The Niagara Falls Review

Turkish troops killed in Syrian airstrike

- BASSEM MROUE AND ANDREW WILKS

BEIRUT—Nearly two dozen Turkish soldiers were killed in an airstrike by Syrian government forces in northeast Syria, a Turkish official said Friday.

The deaths mark a serious escalation in the direct conflict between Turkish and Russiaback­ed Syrian forces that has been waged since early February.

Rahmi Dogan, the governor of Turkey’s Hatay province bordering Syria’s Idlib region, said 22 troops were killed and others were seriously wounded in the attack late Thursday.

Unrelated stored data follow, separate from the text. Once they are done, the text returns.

(* Let $\mathcal M$ satisfy Assumptions (A) and (RE). If a predictor $h(X,S)$ is counterfactually fair, then it satisfies statistical parity, i.e. $h(X,S)$ is independent of $S$. The converse does not hold in general: there exist an SCM satisfying (A) and (RE) and a predictor satisfying statistical parity that is not counterfactually fair.
   Context: Setting: a structural causal model $\mathcal M$ (exogenous random vector $U$, possibly with dependent components; structural equations $V_i=G_i(V_{\mathrm{Endo}(i)},U_{\mathrm{Exo}(i)})$ with measurable $G_i$) whose a.s. unique solution is $(X,S)$ with $X$ valued in $\mathcal X\subseteq\mathbb R^d$ and $S$ valued in a finite $\mathcal S\subset\mathbb R$ with $\mathbb P(S=s)>0$ for all $s$. Assumption (A): the causal graph (edge $k\to l$ iff $k$ is an endogenous or exogenous parent of $l$) is acyclic. $U_X,U_S$ denote the exogenous parents of $X$ and of $S$. For $s\in\mathcal S$, $X_{S=s}$ is the $X$-component of the solution of the model where the equation of $S$ is replaced by $S=s$, all else (including $U$) unchanged. $\mu_s:=\mathcal L(X\mid S=s)$, $\mathcal X_s:=\operatorname{supp}\mu_s$. Assumption (RE): $U_S$ is independent of $U_X$, and no component of $X$ is an endogenous parent of $S$. A predictor $\hat Y=h(X,S)$ with $h:\mathcal X\times\mathcal S\to\mathbb R$ measurable is counterfactually fair if for every $s,s'\in\mathcal S$ and $\mu_s$-almost every $x\in\mathcal X_s$, $\mathcal L(\hat Y_{S=s}\mid X=x,S=s)=\mathcal L(\hat Y_{S=s'}\mid X=x,S=s)$, where $\hat Y_{S=s}:=h(X_{S=s},s)$. *)

From HB Require Import structures.
From mathcomp Require Import all_boot all_order all_algebra.
From mathcomp Require Import all_classical all_reals all_analysis.

Set Implicit Arguments.
Unset Strict Implicit.
Unset Printing Implicit Defensive.

Import Order.TTheory GRing.Theory Num.Theory.
Local Open Scope classical_set_scope.
Local Open Scope ring_scope.

(* Structural causal models with endogenous variables (X_1,...,X_d, S) and  *)
(* exogenous random vector U = (U_1,...,U_m), all real valued.              *)

Definition Xnode (d : nat) (i : 'I_d) : 'I_d.+1 := widen_ord (leqnSn d) i.
Definition Snode (d : nat) : 'I_d.+1 := ord_max.

(* G i is the structural function of node i; it takes the full endogenous   *)
(* vector and the full exogenous vector but only depends on the coordinates *)
(* in the (endogenous, resp. exogenous) parent sets Endo(i), Exo(i).        *)
Record SCM (R : realType) (d m : nat) := {
  endo_par : 'I_d.+1 -> {set 'I_d.+1};
  exo_par  : 'I_d.+1 -> {set 'I_m};
  G : 'I_d.+1 -> (d.+1).-tuple R * m.-tuple R -> R;
  G_measurable : forall i, measurable_fun [set: (d.+1).-tuple R * m.-tuple R] (G i);
  G_local : forall i (v v' : (d.+1).-tuple R) (u u' : m.-tuple R),
    (forall k, k \in endo_par i -> tnth v k = tnth v' k) ->
    (forall j, j \in exo_par i -> tnth u j = tnth u' j) ->
    G i (v, u) = G i (v', u')
}.

Definition causal_edge R d m (M : SCM R d m) : rel ('I_d.+1 + 'I_m)%type :=
  fun k l => match l with
             | inl i => match k with
                        | inl k' => k' \in endo_par M i
                        | inr j => j \in exo_par M i
                        end
             | inr _ => false
             end.

Definition acyclic R d m (M : SCM R d m) : Prop :=
  forall k l, causal_edge M k l -> ~~ connect (causal_edge M) l k.

Section Probabilistic.
Context {R : realType} {dO : measure_display} {O : measurableType dO}.
Variable P : probability O R.

Definition sigma_gen (F : set (O -> R)) : set (set O) :=
  <<s [set E | exists f B, F f /\ measurable B /\ E = f @^-1` B] >>.

Definition indep (F1 F2 : set (set O)) : Prop :=
  forall A B, F1 A -> F2 B -> P (A `&` B) = (P A * P B)%E.

Variables (d m : nat) (M : SCM R d m) (U : O -> m.-tuple R).

Definition Ucoords (J : set 'I_m) : set (O -> R) :=
  [set f | exists2 j, J j & f = (fun w => tnth (U w) j)].

Definition RE : Prop :=
  indep (sigma_gen (Ucoords [set j | j \in exo_par M (Snode d)]))
        (sigma_gen (Ucoords [set j | exists i : 'I_d, j \in exo_par M (Xnode i)]))
  /\ (forall i : 'I_d, Xnode i \notin endo_par M (Snode d)).

Definition solves (V : O -> (d.+1).-tuple R) : Prop :=
  {ae P, forall w, forall i, tnth (V w) i = G M i (V w, U w)}.

Definition unique_solution (V : O -> (d.+1).-tuple R) : Prop :=
  [/\ measurable_fun [set: O] V, solves V &
      forall V' : O -> (d.+1).-tuple R,
        measurable_fun [set: O] V' -> solves V' -> {ae P, forall w, V' w = V w}].

Definition intervened_solution (s : R) (V : O -> (d.+1).-tuple R) : Prop :=
  measurable_fun [set: O] V /\
  {ae P, forall w, tnth (V w) (Snode d) = s /\
           forall i : 'I_d, tnth (V w) (Xnode i) = G M (Xnode i) (V w, U w)}.

Definition Xof (V : O -> (d.+1).-tuple R) (w : O) : d.-tuple R :=
  [tuple tnth (V w) (Xnode i) | i < d].
Definition Sof (V : O -> (d.+1).-tuple R) (w : O) : R := tnth (V w) (Snode d).

Definition setting (V : O -> (d.+1).-tuple R) (Sset : seq R) : Prop :=
  [/\ measurable_fun [set: O] U, unique_solution V,
      (forall w, Sof V w \in Sset) &
      (forall s, s \in Sset -> (0 < P [set w | Sof V w = s])%E)].

(* K is a version of the conditional law L(Y | X = x, E), i.e. for all      *)
(* Borel A, B:  P(E, X in A, Y in B) = int_{E /\ X in A} K(X w)(B) dP(w)     *)
(* (equivalently, after dividing by P(E), the defining identity of a         *)
(* regular conditional distribution under P( . | E)).                        *)
Definition cond_law_version (Y : O -> R) (X : O -> d.-tuple R) (E : set O)
    (K : R.-pker (d.-tuple R) ~> R) : Prop :=
  forall (A : set (d.-tuple R)) (B : set R), measurable A -> measurable B ->
    P (E `&` X @^-1` A `&` Y @^-1` B) = (\int[P]_(w in E `&` X @^-1` A) K (X w) B)%E.

Definition cond_X_law (V : O -> (d.+1).-tuple R) (s : R) : set (d.-tuple R) -> \bar R :=
  fun A => (P ([set w | Sof V w = s] `&` Xof V @^-1` A)
            * ((fine (P [set w | Sof V w = s]))^-1)%:E)%E.

Definition Yhat_do (Vint : R -> O -> (d.+1).-tuple R) (h : d.-tuple R * R -> R)
    (s : R) (w : O) : R := h (Xof (Vint s) w, s).

Definition counterfactually_fair (V : O -> (d.+1).-tuple R)
    (Vint : R -> O -> (d.+1).-tuple R) (Sset : seq R)
    (h : d.-tuple R * R -> R) : Prop :=
  forall s s', s \in Sset -> s' \in Sset ->
    exists K K' : R.-pker (d.-tuple R) ~> R,
      [/\ cond_law_version (Yhat_do Vint h s) (Xof V) [set w | Sof V w = s] K,
          cond_law_version (Yhat_do Vint h s') (Xof V) [set w | Sof V w = s] K' &
          {ae cond_X_law V s, forall x, forall B, measurable B -> K x B = K' x B}].

Definition statistical_parity (V : O -> (d.+1).-tuple R)
    (h : d.-tuple R * R -> R) : Prop :=
  indep (sigma_gen [set fun w => h (Xof V w, Sof V w)])
        (sigma_gen [set Sof V]).

End Probabilistic.

From mathcomp Require Import all_boot all_order all_algebra.
From mathcomp Require Import all_classical all_reals all_analysis.
From mathcomp Require Import measurable_realfun.
From mathcomp Require Import ring lra.
Import Order.TTheory GRing.Theory Num.Theory.
Local Open Scope classical_set_scope.
Local Open Scope ring_scope.

(* Under acyclicity, the equations of the model in which S is set to s have,
   for every value u of the noise, exactly one solution F_s(u), reached by
   iterating the equations once per node of the causal graph; F_s(u) depends
   only on the noise U_X of the features, while (RE) makes S = g(U_S).  Hence,
   for s, s' in the range of S and Borel B,
     P(S = s, h(X,S) in B) = P(S = s, Yhat_s in B)     (X = X_{S=s} on S = s)
                           = P(S = s, Yhat_s' in B)    (counterfactual fairness)
                           = P(S = s) P(Yhat_s' in B)  (Yhat_s' = h(F_s'(U), s)),
   and summing over s gives the independence of h(X,S) and S.  For the
   converse take two fair coins U_1, U_2, S = U_1, X = S xor U_2 and
   h(X,S) = X: X is a fair coin independent of S, but given S = 0 and X = x
   the counterfactual predictions are Yhat_0 = x and Yhat_1 = 1 - x. *)

Lemma measurable_preimage {d1 d2} {T1 : measurableType d1} {T2 : measurableType d2}
    {f : T1 -> T2} {B : set T2} :
  measurable_fun setT f -> measurable B -> measurable (f @^-1` B).
Proof. by move=> mf mB; rewrite -[f @^-1` B]setTI; exact: mf. Qed.

Lemma set_seq_cons (T : eqType) (x : T) (l : seq T) : [set` x :: l] = [set x] `|` [set` l].
Proof.
apply/seteqP; split => y /=; rewrite in_cons.
  by case/orP => [/eqP|]; [left|right].
by case => [->|yl]; rewrite ?eqxx ?yl ?orbT.
Qed.

Section measure_lemmas.
Context {d} {T : measurableType d} {R : realType} {mu : {measure set T -> \bar R}}.

Lemma ae_not_null {N : set T} : measurable N -> mu N = 0%E -> {ae mu, forall w, ~ N w}.
Proof. by move=> mN N0; exists N; split => // w /= /contrapT. Qed.

Lemma ae_iff_measure (A B : set T) :
  measurable A -> measurable B -> {ae mu, forall w, A w <-> B w} -> mu A = mu B.
Proof.
move=> mA mB [N [mN N0 ABN]].
rewrite -(measureU0 mA mN N0) -(measureU0 mB mN N0); congr (mu _).
apply/seteqP; split=> w [Cw|Nw]; try by right.
all: have [[AB BA]|/ABN] := pselect (A w <-> B w); [left; auto|by right].
Qed.

Lemma measurable_preimage_seq (X : eqType) (Y : T -> X) (l : seq X) :
  {in l, forall x, measurable (Y @^-1` [set x])} -> measurable (Y @^-1` [set` l]).
Proof.
elim: l => [_|x l IH ml]; first by rewrite set_nil preimage_set0.
rewrite set_seq_cons preimage_setU; apply: measurableU; first by apply: ml; rewrite mem_head.
exact/IH/(sub_in1 (@mem_behead _ (x :: l))).
Qed.

Lemma measure_setI_preimage_seq (X : eqType) (Y : T -> X) (A : set T) (c : \bar R)
    (l : seq X) :
  measurable A -> {in l, forall x, measurable (Y @^-1` [set x])} -> uniq l ->
  {in l, forall x, mu (A `&` Y @^-1` [set x]) = (mu (Y @^-1` [set x]) * c)%E} ->
  mu (A `&` Y @^-1` [set` l]) = (mu (Y @^-1` [set` l]) * c)%E.
Proof.
move=> mA; elim: l => [_ _ _|x l IH ml /andP[xl ul] Al].
  by rewrite set_nil preimage_set0 setI0 measure0 mul0e.
have lxl := @mem_behead _ (x :: l).
have mx : measurable (Y @^-1` [set x]) by apply: ml; rewrite mem_head.
have mYl : measurable (Y @^-1` [set` l]) by exact/measurable_preimage_seq/(sub_in1 lxl).
have disj : Y @^-1` [set x] `&` Y @^-1` [set` l] = set0.
  by apply/seteqP; split => w // [/= -> xl']; rewrite xl' in xl.
rewrite set_seq_cons preimage_setU.
have -> : mu (A `&` (Y @^-1` [set x] `|` Y @^-1` [set` l])) =
          (mu (A `&` Y @^-1` [set x]) + mu (A `&` Y @^-1` [set` l]))%E.
  rewrite setIUr measureU //; try exact: measurableI.
  by rewrite setIACA disj setI0.
rewrite Al ?mem_head // (IH (sub_in1 lxl ml) ul (sub_in1 lxl Al)).
by rewrite measureU // ge0_muleDl.
Qed.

In addition to three Turkish soldiers killed in Idlib earlier Thursday, the casualties mark the largest death toll for Turkey in a single day since Ankara first intervened in Syria in 2016. At least 43 have now been killed in Idlib since the start of February.

Turkish President Recep Tayyip Erdogan was holding an emergency security meeting in Ankara, state-run Anadolu news agency reported. Meanwhile Turkish Foreign Minister Mevult Cavusoglu spoke to NATO Secretary-General Jens Stoltenber­g by telephone.

The airstrike came after a Russian delegation spent two days in Ankara for talks with Turkish officials on the situation in Idlib, where a Syrian government offensive has sent hundreds of thousands of civilians fleeing towards the Turkish border.

The airstrike came after Turkey-backed Syrian opposition fighters retook a strategic northweste­rn town from government forces on Thursday, opposition activists said, cutting a key highway just days after the government reopened it for the first time since 2012.